The input ::
(* Let $p$ be an odd prime. The family $\{1+p^n\mathbb{N}_0:n\in\mathbb{N}\}$ coincides with the set of ${\uparrow}$-chain elements of the poset $\mathcal{X}_p$ (and this set is linearly ordered).
   Context: $\mathbb{N}=\{1,2,\dots\}$, $\mathbb{N}_0=\{0\}\cup\mathbb{N}$, $x^{\mathbb{N}}=\{x^k:k\in\mathbb{N}\}$. $\mathcal{X}_p=\{\overline{a^{\mathbb{N}}}:a\in\mathbb{N}\setminus p\mathbb{N},\ a\ne1\}$, closures taken in the $p$-adic topology on $\mathbb{N}\setminus p\mathbb{N}$ (generated by the sets $x+p^m\mathbb{N}_0$, $x,m\in\mathbb{N}$), partially ordered by reverse inclusion: $X\le Y$ iff $Y\subseteq X$. An element $t$ of a poset $(P,\le)$ is a ${\uparrow}$-chain element if its upper set ${\uparrow}t=\{x\in P:x\ge t\}$ is a chain (any two elements are comparable). *)

From mathcomp Require Import all_boot.
From Stdlib Require Import List.
Set Implicit Arguments. Unset Strict Implicit. Unset Printing Implicit Defensive.

Definition subset_nat := nat -> Prop.

Definition NnotpN (p : nat) : subset_nat := fun x => 0 < x /\ ~~ (p %| x).

Definition coset (p x m : nat) : subset_nat := fun z => exists k, z = x + p ^ m * k.

(* p-adic topology on N \ pN, generated (as a subbasis) by the sets
   (x + p^m N_0) ∩ (N \ pN), x, m ∈ N: U is open iff U ⊆ N\pN and every
   point of U lies in a finite intersection of generating sets contained in U
   (the empty intersection being the whole space N \ pN). *)
Definition padic_open (p : nat) (U : subset_nat) : Prop :=
  (forall x, U x -> NnotpN p x) /\
  forall x, U x -> exists l : list (nat * nat),
    (forall ym, In ym l -> 0 < ym.1 /\ 0 < ym.2) /\
    (forall ym, In ym l -> coset p ym.1 ym.2 x) /\
    (forall z, NnotpN p z -> (forall ym, In ym l -> coset p ym.1 ym.2 z) -> U z).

Instructions for the task :: Beginning at the line that holds "(forall x, U x -> NnotpN p x) /\", copy every line through the end of the entries exactly as given, and only those lines.

Result ::
  (forall x, U x -> NnotpN p x) /\
  forall x, U x -> exists l : list (nat * nat),
    (forall ym, In ym l -> 0 < ym.1 /\ 0 < ym.2) /\
    (forall ym, In ym l -> coset p ym.1 ym.2 x) /\
    (forall z, NnotpN p z -> (forall ym, In ym l -> coset p ym.1 ym.2 z) -> U z).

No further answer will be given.